Is there finite number of words that each writer can produce—within each week or month or lifetime? Some writers seem prolific no matter what, but for myself, I think I have periodic limits. Last year, I worked about the same number of non-novel (meaning, paid) hours as I have this year, and yet I still managed to write a novel and a half. This year, my novel word count has tapered off drastically, and I’m even blogging less too. Why?

Last year I was mostly doing editing for a living. This year I’m mostly writing for the newspaper. Conclusion: The paper is getting my writing juice, the bulk of my words. And apparently, the supply is limited. My husband would argue that only applies to written, not spoken, output.

This is an odd predicament to be in. In many ways, the newspaper position is the perfect part-time job. All I have to do is write feature stories, which I enjoy. No other responsibilities, and a dependable pay check. It’s an easy, fun job. How can I complain?

But I need to write novels. Excuse me, I should have said, I need to write novels. It’s not about what I should be doing. It’s what I must do, if I want to be truly happy.

Meanwhile, I’m putting in more hours than usual at the paper (because they fired the Dash editor) and struggling to work on my novel every morning before work and on weekends. Blogging will continue to get the short end, and I have to make peace with that. I only have so many words.

Do other writers have this issue? Is working in non-writing fields actually better for your novels?

  1. Hello L.J.
    I just saw this post on Facebook and had to respond. I do SEO copywriting and web content creation as my “bread and butter,” while working on my most completed screenplay and novel. Honestly, I have to say, I worked more on my novel when I was an office manager at a dentist office five years ago, than I do as a freelance copywriter, who writes for a living with that type of writing, versus novels. So yes, I would agree that for me it is a challenge. And now that it’s been brought up to the surface, I’m dogged on finding solutions to this dilemma for myself. I also NEED to write novels. So I totally empathize with you, L.J.

    Good luck and happy writing, when you can! Thanks for posting…

  2. When I used to be a spaghetti cook who ate spaghetti five nights a week for three years, I didn’t eat spaghetti for the next seven years. When I worked as a video game tester for six years, I found it impossible to play video games at home. I have resisted all attempts to do technical writing at work, which I did only once for an internship many years ago. That would be the death of my writing outside of full time work.
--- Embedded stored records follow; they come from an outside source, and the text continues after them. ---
Lemma positive_near (f : R -> R) (x : R) : continuity_pt f x -> 0 < f x ->
  exists d, 0 < d /\ forall s, Rabs (s - x) < d -> 0 < f s.
Proof.
  intros Hc Hx. destruct (Hc (f x / 2) ltac:(lra)) as [d [Hd Hnear]].
  exists d. split; auto. intros s Hs.
  destruct (Req_dec s x) as [->|Hne]; auto.
  assert (H : Rabs (f s - f x) < f x / 2).
  { apply (Hnear s). split; [split; [exact I|auto]|exact Hs]. }
  apply Rabs_def2 in H. lra.
Qed.

Lemma partial_sum_le_series f l n : (forall k, 0 <= f k) -> series_cv f l ->
  sum_f_R0 f n <= l.
Proof.
  intros Hf Hc. apply (growing_ineq (fun n => sum_f_R0 f n)); auto.
  intro m. simpl. specialize (Hf (S m)). lra.
Qed.

Lemma partial_sum_add_later f n p : (forall k, 0 <= f k) -> (0 < p)%nat ->
  sum_f_R0 f n + f (n + p)%nat <= sum_f_R0 f (n + p).
Proof.
  intros Hf. induction p as [|p IH]; intros Hp; [lia|].
  destruct p as [|p].
  - replace (n + 1)%nat with (S n) by lia. simpl. lra.
  - replace (n + S (S p))%nat with (S (n + S p)) by lia. simpl.
    assert (H := IH ltac:(lia)). specialize (Hf (n + S p)%nat). lra.
Qed.

Fixpoint chain_sum (i : nat) (x : nat -> R) (n : nat) : R :=
  match n with 0%nat => 0 | S n => chain_sum i x n + x ((n + 2) * i)%nat end.
Fixpoint chain_weight (i : nat) (x : nat -> R) (K : nat) : R :=
  match K with 0%nat => 0 | S K => chain_weight i x K + chain_sum i x (S K) end.
Fixpoint chain_flux (i : nat) (a x : nat -> R) (K : nat) : R :=
  match K with
  | 0%nat => 0
  | S K => chain_flux i a x K + a ((K + 2) * i)%nat * x ((K + 2) * i)%nat
  end.

Lemma chain_weight_ext i x x' K : (forall j, x j = x' j) ->
  chain_weight i x K = chain_weight i x' K.
Proof.
  intro H. assert (Hs : forall n, chain_sum i x n = chain_sum i x' n).
  { induction n; simpl; [lra|rewrite IHn, H; lra]. }
  induction K; cbn [chain_weight]; [reflexivity|rewrite IHK, Hs; reflexivity].
Qed.

Lemma chain_sum_nonneg i x n : (forall j, 0 <= x j) -> 0 <= chain_sum i x n.
Proof. intro H; induction n; simpl; [lra|specialize (H ((n + 2) * i)%nat); lra]. Qed.

Lemma chain_weight_nonneg i x K : (forall j, 0 <= x j) -> 0 <= chain_weight i x K.
Proof.
  intro H; induction K; cbn [chain_weight]; [lra|].
  pose proof (chain_sum_nonneg i x (S K) H). lra.
Qed.

(* Each chain_sum is at most the last one, so W_K <= K T_K. *)
Lemma chain_weight_le i x K : (forall j, 0 <= x j) ->
  chain_weight i x K <= INR K * chain_sum i x K.
Proof.
  intro H; induction K; cbn [chain_weight]; [simpl; lra|].
  assert (chain_sum i x K <= chain_sum i x (S K)).
  { simpl. specialize (H ((K + 2) * i)%nat). lra. }
  pose proof (pos_INR K). rewrite S_INR. nra.
Qed.

Lemma chain_flux_ge i a x K d : (1 <= i)%nat -> (forall j, 0 <= x j) ->
  (forall j, (1 <= j)%nat -> d <= a j) -> d * chain_sum i x K <= chain_flux i a x K.
Proof.
  intros Hi H Ha; induction K; simpl; [lra|].
  assert (d <= a ((K + 2) * i)%nat) by (apply Ha; nia).
  specialize (H ((K + 2) * i)%nat). nra.
Qed.

Lemma chain_flux_le_partial_sum i a x K : (1 <= i)%nat ->
  (forall k, 0 <= a (i + k)%nat * x (i + k)%nat) ->
  a i * x i + chain_flux i a x K <= sum_f_R0 (fun k => a (i + k)%nat * x (i + k)%nat) (K * i).
Proof.
  intros Hi Hf. induction K.
  - simpl. rewrite Nat.add_0_r. lra.
  - cbn [chain_flux]. replace (S K * i)%nat with (K * i + i)%nat by ring.
    pose proof (partial_sum_add_later _ (K * i) i Hf ltac:(lia)) as H. simpl in H.
    replace (i + (K * i + i))%nat with ((K + 2) * i)%nat in H by ring. lra.
Qed.
Lemma fract_sub_wrap (s t : R) : -1 <= fract s - t < 0 -> fract (s - t) = fract s - t + 1.
Proof.
rewrite /fract => /andP[h0 h1]; suff -> : Num.floor (s - t) = Num.floor s - 1.
  by rewrite intrB /=; lra.
by apply: floor_def; rewrite subrK intrB /=; apply/andP; split; lra.
Qed.

Definition twopiece_exp (a b A1 A2 p : R) :=
  if p < a then A1 * expR (b * (a - p)) else A2 * expR (b * (1 - p)).

Section Integral.
Variables (a b A1 A2 s : R).
(* As t runs over [0, 1], fract (s - t) decreases from fract s and wraps to 1 at t = fract s;
   the two break points of twopiece_exp split [0, 1] into three exponential pieces. *)
Let f t := twopiece_exp a b A1 A2 (fract (s - t)).
Local Notation s0 := (fract s).

Let integral_fract_ge : 0 < a -> b != 0 -> a <= s0 ->
  (\int[mu]_(t in `[0%R, 1%R]) (f t)%:E
    = ((A1 * (expR (b * a) - 1) + A2 * (expR (b * (1 - a)) - 1)) / b)%:E)%E.
Proof.
move=> a_gt0 b_neq0 as0; have /andP[s0_ge0 s0_lt1] := fract_itv s.
rewrite (@integral_expR_three_pieces _ f b (s0 - a) s0 A2 A1 A2
  (1 - s0) (a - s0) (- s0)) //.
- have -> : s0 - a + (1 - s0) = 1 - a by ring.
  have -> : s0 + (a - s0) = a by ring.
  have -> : s0 - a + (a - s0) = 0 by ring.
  by rewrite !(addrN, add0r, mulr0, expR0); congr EFin; field.
- by lra.
- by lra.
- by lra.
- move=> t /andP[t0 t1]; rewrite /f fract_sub; last by apply/andP; split; lra.
  by rewrite /twopiece_exp ifF; [congr (_ * expR (_ * _)); lra | apply/negbTE; rewrite -leNgt; lra].
- move=> t /andP[t0 t1]; rewrite /f fract_sub; last by apply/andP; split; lra.
  by rewrite /twopiece_exp ifT; [congr (_ * expR (_ * _)); lra | lra].
- move=> t /andP[t0 t1]; rewrite /f fract_sub_wrap; last by apply/andP; split; lra.
  by rewrite /twopiece_exp ifF; [congr (_ * expR (_ * _)); lra | apply/negbTE; rewrite -leNgt; lra].
Qed.

Let integral_fract_lt : a < 1 -> b != 0 -> s0 < a ->
  (\int[mu]_(t in `[0%R, 1%R]) (f t)%:E
    = ((A1 * (expR (b * a) - 1) + A2 * (expR (b * (1 - a)) - 1)) / b)%:E)%E.
Proof.
move=> a_lt1 b_neq0 s0a; have /andP[s0_ge0 s0_lt1] := fract_itv s.
rewrite (@integral_expR_three_pieces _ f b s0 (s0 + 1 - a) A1 A2 A1
  (a - s0) (- s0) (a - s0 - 1)) //.
- have -> : s0 + (a - s0) = a by ring.
  have -> : s0 + 1 - a - s0 = 1 - a by ring.
  have -> : 1 + (a - s0 - 1) = a - s0 by ring.
  have -> : s0 + 1 - a + (a - s0 - 1) = 0 by ring.
  by rewrite !(addrN, add0r, mulr0, expR0); congr EFin; field.
- by lra.
- by lra.
- move=> t /andP[t0 t1]; rewrite /f fract_sub; last by apply/andP; split; lra.
  by rewrite /twopiece_exp ifT; [congr (_ * expR (_ * _)); lra | lra].
- move=> t /andP[t0 t1]; rewrite /f fract_sub_wrap; last by apply/andP; split; lra.
  by rewrite /twopiece_exp ifF; [congr (_ * expR (_ * _)); lra | apply/negbTE; rewrite -leNgt; lra].
- move=> t /andP[t0 t1]; rewrite /f fract_sub_wrap; last by apply/andP; split; lra.
  by rewrite /twopiece_exp ifT; [congr (_ * expR (_ * _)); lra | lra].
Qed.

Lemma integral_twopiece_exp_fract : 0 < a < 1 -> b != 0 ->
  (\int[mu]_(t in `[0%R, 1%R]) (twopiece_exp a b A1 A2 (fract (s - t)))%:E
    = ((A1 * (expR (b * a) - 1) + A2 * (expR (b * (1 - a)) - 1)) / b)%:E)%E.
Proof.
move=> /andP[a_gt0 a_lt1] b_neq0.
by have [/(integral_fract_ge a_gt0 b_neq0)|/(integral_fract_lt a_lt1 b_neq0)] := leP a (fract s).
Qed.

End Integral.
End FractIntegral.

Lemma ltr_intD1 (R : numDomainType) (n p : int) :
  (n%:~R < p%:~R :> R) = (n%:~R + 1 <= p%:~R :> R).
Proof. by rewrite -intrD1 ler_int ltr_int lezD1. Qed.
    Now that I been unemployed for six months, pushing myself to do more writing is a challenge. I no longer have that one-hour lunch break to focus on writing two to five pages per day for my novel. I find ceramics easier to do than writing. 🙂

  3. I’m a full-time author; I write how-to and reference books in addition to novels. When I’m working on a nonfiction project, I write fiction in the evenings and on weekends. I do know that feeling of having run out of words at the end of a writing day, but I make myself do something on the current novel each and every day, even if it’s just reading over a couple of scenes. Usually (not always) I find I have a few more words than I thought I did.

  4. L.J. . . .

    For me, it’s time, not words. I worked for newspapers for a decade, as a reporter and photographer and later as a managing editor. Long hours, lots of writing and rewriting and editing. A lot of pleasure, as you know from your own experience. We do newspaper work for the kicks, not the money. If money were important, we’d do something else.

    During those years, I wrote for the job, not for myself. There were few hours left for me. My ideas for short stories and novels went into the bottom desk drawer. It was not until I went back to college — for graduate work — that I brought those notes out and wrote the first stories that would make it into anthologies, that I wrote my first novel.

    I’m a fast writer, highly productive. So for me, it has never been that there’s a finite number of words I can pound out in an hour, a day or a lifetime. It’s that there is a finite number of minutes, hours, and days in which to write.


  5. Wow your Tweet captured my attention! I find it a constant battle much as you describe. I’m entering the writing world late in life because I felt for so long I had to make a living — I still feel that though I try to talk myself into believing that “do what you love, the money will follow”. So I work as a marketing consultant, write copy, SEO articles for money and find my brain is tired by the time I get to what I want to write. I use two very different parts of my brain for my fiction/poetry than I do for articles and I find switching between them difficult.

    It is true that we are limited in what we can do in a day – whether it’s time or words. It’s easy to overlook that truth when we’re hammering away at the keyboard. I feel the limits of time because I’m older and feel I must make a choice if I am to write what I truly feel I was meant to write. Your blog sparked my need to make more of a commitment to what I “need” to write than what I “should” write in order to make a living.

    When you’re a writer, every minute is a choice, every word placed is a choice. Which words put to the page are most necessary for us and our world? Thanks for sparking this necessary contemplation and discussion.

  6. What thoughtful responses! “Every word is a choice” will play in my mind as I make decisions about what I do and what I write.